Jesus criticizes the Pharisees, not for being too strict, but for leaving themselves too many loopholes to evade the clear word of God. Jesus tells his audience to do what the Pharisees teach, but not what they practice (Matthew 23:2). They weasel out of oaths (Matthew 23:16-19). They weasel out of care for their parents (Mark 7:10-13). They meticulously tithe, but neglect justice, mercy, and faith (Matthew 23:23); Jesus responds that he wants to see both committed giving and committed living.

You think the Pharisees were prudes? Think again!  The Pharisees proclaimed: “No man may abstain from the command, Be fruitful and multiply, unless he already has children” (Mishnah, Yebamoth 6:6). The Pharisees even specified how often a husband was obligated to have sex with his wife: every day if he was not employed, twice a week for laborers, once a week for donkey drivers, once a month for camel drivers, and once every six months for sailors (Mishnah, Ketuboth 5:6).

Yes, the Pharisees were elitists. But so were the Sadducees. And Qumran was even more elitist. Yet amazingly, in disputes between these parties (such as how to celebrate the Jewish holidays), the common people in Jesus’ day sided with…the Pharisees! Only John the Baptist and Jesus led movements that were open to all who were willing to come and follow.

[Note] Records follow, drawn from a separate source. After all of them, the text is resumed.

Lemma swapped_cycle_edge z : z \in O -> z \notin D ->
  mate N' z = step N z /\ mate N' (step N z) = z.
Proof.
move=> zO zD; have [zD' | [c cD zE]] := cycle_vertices_D_or_mate pmM zO.
  by rewrite zD' in zD.
have e_zc : e z c by rewrite zE sym; apply: rel_mate; rewrite ?D_in_C.
have stepE : step N z = D_partner z c by rewrite zE (step_mate pmM).
have [wD _ w_neq_c _] := D_partner_spec cD e_zc; rewrite stepE.
have zw_cycle : [set z; D_partner z c] \in cycle_set N.
  by apply/imsetP; exists z; rewrite ?stepE.
have zw_notM : [set z; D_partner z c] \notin M.
  apply: contra w_neq_c => zwM.
  have <- : mate N z = D_partner z c.
    by apply: (mate_eq irr sym pmM); rewrite mem_touching2 ?(D_in_C wD) ?orbT.
  by rewrite zE (mateK irr sym pmM) ?D_in_C.
have zwN' : [set z; D_partner z c] \in N'.
  by rewrite mem_touching2 ?(D_in_C wD) ?orbT // mem_cycle_set.
split; first exact: (mate_eq irr sym pmM').
by apply: (mate_eq irr sym pmM'); rewrite setUC.
Qed.

Lemma step_reverse z : z \in O -> step N' (step N z) = z.
Proof.
move=> zO; have [zD | zD] := boolP (z \in D); last first.
  have [_ _ wD] := step_spec pmM (cycle_vertices_D_or_mate pmM zO).
  by rewrite step_D ?wD // (swapped_cycle_edge zO zD).2.
have dO := step_cycle_vertices zO; have dD : step N z \notin D.
  by rewrite step_D // (mate_notin_D pmM).
rewrite step_notin_D // (swapped_cycle_edge dO dD).1 step_D // (step_mate pmM zD).
have e_dz : e (mate N z) z by rewrite sym; apply: rel_mate; rewrite ?D_in_C.
by have [_ _ _ ->] := D_partner_spec zD e_dz.
Qed.

Lemma cycle_vertices_swap : cycle_vertices N' = O.
Proof.
apply/setP => z; rewrite !inE.
apply: (fconnect_iter_card_reverse (leq_double_self #|T|)) => x xO.
  by apply: step_off_cycle; rewrite inE.
by apply: step_reverse; rewrite inE.
Qed.

Lemma cycle_set_swap : cycle_set N' = cycle_set N.
Proof.
apply/setP => m; apply/imsetP/imsetP => -[z zO ->]; last first.
  exists (step N z); first by rewrite cycle_vertices_swap step_cycle_vertices.
  by rewrite step_reverse // setUC.
move: zO; rewrite cycle_vertices_swap inE.
case/(fconnect_iter_card_pre (leq_double_self #|T|)) => u uO <-.
by exists u; rewrite ?inE // step_reverse ?inE // setUC.
Qed.

End SwapAlongCycle.
End ChannelCycle.

Section ColorClass.
Variables (T : finType) (e : rel T) (C : {set T}) (col : T -> bool) (b : bool).
Hypothesis col_e : forall x y, e x y -> col x != col y.
Local Notation D := [set x in C | col x == b].

Lemma color_class_indep : {in D &, forall x y, ~~ e x y}.
Proof.
move=> x y /setIdP[_ /eqP colx] /setIdP[_ /eqP coly].
by apply/negP => /col_e; rewrite colx coly eqxx.
Qed.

Josephus says in his Antiquities 23:12-17 that the Pharisees are “extremely influential among the townsfolk, and all prayers and sacred rites of divine worship are performed according to their exposition,” and even the Sadducees “submit to the formulas of the Pharisees, since otherwise the masses would not tolerate them.”  In Antiquities 13:298, he says, “The Sadducees have the confidence of the wealthy alone, but no following among the general populace.”

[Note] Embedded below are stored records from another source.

(* For every integer $g \ge 0$, let $n'_g$ denote the number of gapsets of genus $g$ and depth at most $3$ (equivalently, the number of numerical semigroups $S$ of genus $g$ whose conductor $c$ and multiplicity $m$ satisfy $c \le 3m$). Then for all $g \ge 3$, $$n'_{g-1}+n'_{g-2} \,\le\, n'_{g} \,\le\, n'_{g-1}+n'_{g-2}+n'_{g-3}.$$
   Context: A gapset is a finite set $G \subset \mathbb{N}_+=\{1,2,3,\dots\}$ such that for all $z \in G$, whenever $z=x+y$ with $x,y\in\mathbb{N}_+$, we have $x\in G$ or $y\in G$; equivalently $G=\mathbb{N}\setminus S$ for a numerical semigroup $S$. The multiplicity of $G$ is the least $m\ge 1$ with $m\notin G$; its Frobenius number is $f=\max G$ (and $f=-1$ if $G=\emptyset$); its conductor is $c=f+1$; its genus is $|G|$; its depth is $q=\lceil c/m\rceil$. *)

From mathcomp Require Import all_boot.
Set Implicit Arguments. Unset Strict Implicit. Unset Printing Implicit Defensive.

(* Finite subsets of N are represented by duplicate-free lists of nats;
   two such lists represent the same set iff they are permutations of each
   other, so we count gapsets as finite sets via [perm_eq]-classes below. *)

Definition is_gapset (G : seq nat) : Prop :=
  uniq G /\
  (forall z, z \in G -> 0 < z) /\
  (forall x y, 0 < x -> 0 < y -> x + y \in G -> (x \in G) \/ (y \in G)).

(* multiplicity: least m >= 1 with m \notin G (G is finite, so m <= max G + 1) *)
Definition multiplicity (G : seq nat) : nat :=
  (find (fun m => m \notin G) (iota 1 (\max_(z <- G) z).+1)).+1.

(* Frobenius number max G (-1 if G empty), conductor c = f + 1 *)
Definition conductor (G : seq nat) : nat :=
  if G is [::] then 0 else (\max_(z <- G) z).+1.

Definition genus (G : seq nat) : nat := size G.

Definition depth (G : seq nat) : nat :=
  let c := conductor G in let m := multiplicity G in
  (c %/ m) + (c %% m != 0).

As an example, the Tosefta (Sukkah 3:1) tells of an incident where the Sadducees hid the willow branches to be used for the Feast of Tabernacles under a pile of stones to keep them from being used on the Sabbath. The common people found out and unburied the willows, because they sided with the Pharisees, who said that the beating of the willow branches takes precedence over the Sabbath.

Pharisees and Sadducees disagreed on how to apply the penalty against a false witness in a capital case (Mishnah, Makkoth 1:6). The Sadducees said the innocent person had to be executed first, while the Pharisees said the false witness can be executed on intention alone, even if he is caught before the original accused is executed.

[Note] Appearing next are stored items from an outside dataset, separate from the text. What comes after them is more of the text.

Lemma fin_rect_approx_measurable_indic (E : set (X * Y)) : measurable E ->
  fin_rect_approx (\1_E).
Proof.
move=> mE.
pose G := [set A `*` B | A in (measurable : set (set X))
                        & B in (measurable : set (set Y))].
apply: (@dynkin_induction _ _ G (fun S => fin_rect_approx (\1_S))).
- exact: measurable_prod_measurableType.
- move=> _ _ [A1 mA1 [B1 mB1 <-]] [A2 mA2 [B2 mB2 <-]]; rewrite -setXI.
  exists (A1 `&` A2); first exact: measurableI.
  by exists (B1 `&` B2) => //; exact: measurableI.
- by rewrite -setXTT; exact: fin_rect_approx_rect.
- by move=> _ [A mA [B mB <-]]; exact: fin_rect_approx_rect.
- move=> S mS HS.
  have -> : \1_(~` S) = (\1_setT \+ (fun x => -1 * \1_S x))%R :> (X * Y -> R).
    rewrite indicT; apply/funext => x; rewrite /= !indicE in_setC.
    by case: (x \in S); rewrite /= ?mulr1 ?mulr0 ?subrr ?addr0.
  apply: fin_rect_approxD; last exact: fin_rect_approxM.
  by rewrite -setXTT; exact: fin_rect_approx_rect.
- move=> F mF tF HF; apply: fin_rect_approx_lim.
    exact/measurable_indic/bigcup_measurable.
  move=> eta eta0; have [N muN] := measure_bigcup_setD_lt mu mF eta0.
  exists (fun x => \sum_(k < N) \1_(F k) x)%R.
    by apply: (fin_rect_approx_sum (fun k => \1_(F k))) => k _; exact: HF.
  rewrite (eq_integral (fun x => (\1_(\bigcup_k F k `\` \bigcup_(k < N) F k) x)%:E)).
    by rewrite integral_indic ?setIT //; apply: measurableD; exact: bigcup_measurable.
  move=> x _; rewrite sum_indic_trivIset // abse_EFin normr_indicB //.
  by move=> y [k _ Fky]; exists k.
- by move: mE; rewrite measurable_prod_measurableType.
Qed.

Lemma fin_rect_approx_sfun (g : {sfun (X * Y)%type >-> R}) : fin_rect_approx g.
Proof.
rewrite (funext (fimfunEord g)); set s := finmap.enum_fset _.
apply: (fin_rect_approx_sum (fun k x => s`_k * \1_(g @^-1` [set s`_k]) x)%R) => k _.
apply: fin_rect_approxM; apply: fin_rect_approx_measurable_indic.
by rewrite -[X in measurable X]setTI; exact: (measurable_funP g).
Qed.

Lemma fin_rect_approx_integrable {f : X * Y -> R} :
  mu.-integrable setT (EFin \o f) -> fin_rect_approx f.
Proof.
move=> intf; have [g_ [_ _]] := approximation_sfun_integrable measurableT intf.
move=> /fine_cvgP[[N1 _ finN] /cvgr_dist_lt L1].
apply: fin_rect_approx_lim; first by apply/measurable_EFinP; case/integrableP: intf.
move=> eta eta0; have [N2 _ closeN] := L1 _ eta0.
pose n := maxn N1 N2.
exists (g_ n); first exact: fin_rect_approx_sfun.
have /= := closeN n (leq_maxr _ _); rewrite -(fineK (finN n (leq_maxl _ _))).
by rewrite lte_fin sub0r normrN => /(le_lt_trans (ler_norm _)).
Qed.

End rect_approximation.

Theorem corollary1 (R : realType) (d1 d2 : measure_display)
  (X : measurableType d1) (Y : measurableType d2)
  (mu nu : {finite_measure set (X * Y)%type -> \bar R})
  (f : X * Y -> R) :
  mu.-integrable setT (EFin \o f) ->
  nu `<< mu ->
  forall eps : R, 0 < eps ->
  exists (C : set (set X)) (D : set (set Y)),
    [/\ finite_sub_sigma_algebra C, finite_sub_sigma_algebra D &
      forall F : set (set (X * Y)%type),
        sigma_algebra setT F -> prod_sigma C D `<=` F -> F `<=` measurable ->
        forall g : X * Y -> R, is_cond_exp mu F f g ->
          (nu [set z | (eps <= `|g z - f z|)%R] < eps%:E)%E].
Proof.
move=> intf numu eps eps0.
have [del del0 nu_small] := dominates_eps_delta numu eps0.
have eta0 : 0 < eps * del / 2 by rewrite divr_gt0 // mulr_gt0.
have [_ /(_ _ eta0)[sx [sy [h [sxm sym Fh inth fh]]]]] :=
  fin_rect_approx_integrable mu intf.
exists <<s [set` sx]>>, <<s [set` sy]>>.
split; [exact: finite_sub_sigma_algebra_seq | exact: finite_sub_sigma_algebra_seq |].
move=> F sF CDF Fm g cg.
have Fh' : F_measurable_fun F h := F_measurable_funS CDF Fh.
have mgf : measurable_fun setT (g \- f).
  apply: measurable_funB; last by apply/measurable_EFinP; case/integrableP: intf.
  by case: cg => Fg _ _; exact: F_measurable_fun_measurable Fm Fg.
apply: nu_small; first exact: measurable_abs_ge.
rewrite -(@lte_pmul2l _ eps%:E) // -EFinM.
apply: le_lt_trans (markov_abs mu mgf eps0) _.
apply: le_lt_trans (cond_exp_L1_dist mu sF Fm intf cg Fh' inth) _.
by rewrite [X in (_ < X%:E)%E](splitr (eps * del)) EFinD lteD.
Qed.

The two groups argued about the wording of divorce documents. A Sadducee complained, “You Pharisees write the name of the secular ruler together with the name of Moses in a bill of divorce!” The Pharisees responded, “You Sadducees write the name of the secular ruler together with the name of God on the same page, and you put the ruler first, then God!” (Mishnah, Yadayim 4:8)

In another dispute, we read, “The Sadducees say, We cry out against you, O Pharisees, for you declare clean an unbroken stream of liquid! The Pharisees say, We cry out against you, O Sadducees, for you declare clean a stream of water that comes from a cemetery!” (Mishnah, Yadayim 4:7)

In many ways, Jesus was closer to the Pharisees than to any other Jewish group. There is no recorded memory of any role of the Pharisees in Jesus’ execution. We read in Acts 15 that there were Pharisees who were following Jesus, but not Sadducees or people from Qumran. The harsh words we hear from Jesus about them in Matthew 23 are not anti-Semitic; they are part of an in-house debate over who is the more faithful Torah-teacher. We often reserve our harshest criticism for those who are most like us.

So this Easter, or wherever we may find them as we preach the Gospel story, let’s quit trashing the Pharisees. They were not the moral monsters that common misperception has made them to be. Let us remember that when Jerusalem fell, it was not the Sadducees, or the commune at Qumran, but the Pharisees who survived to pass their brand of Judaism down to us.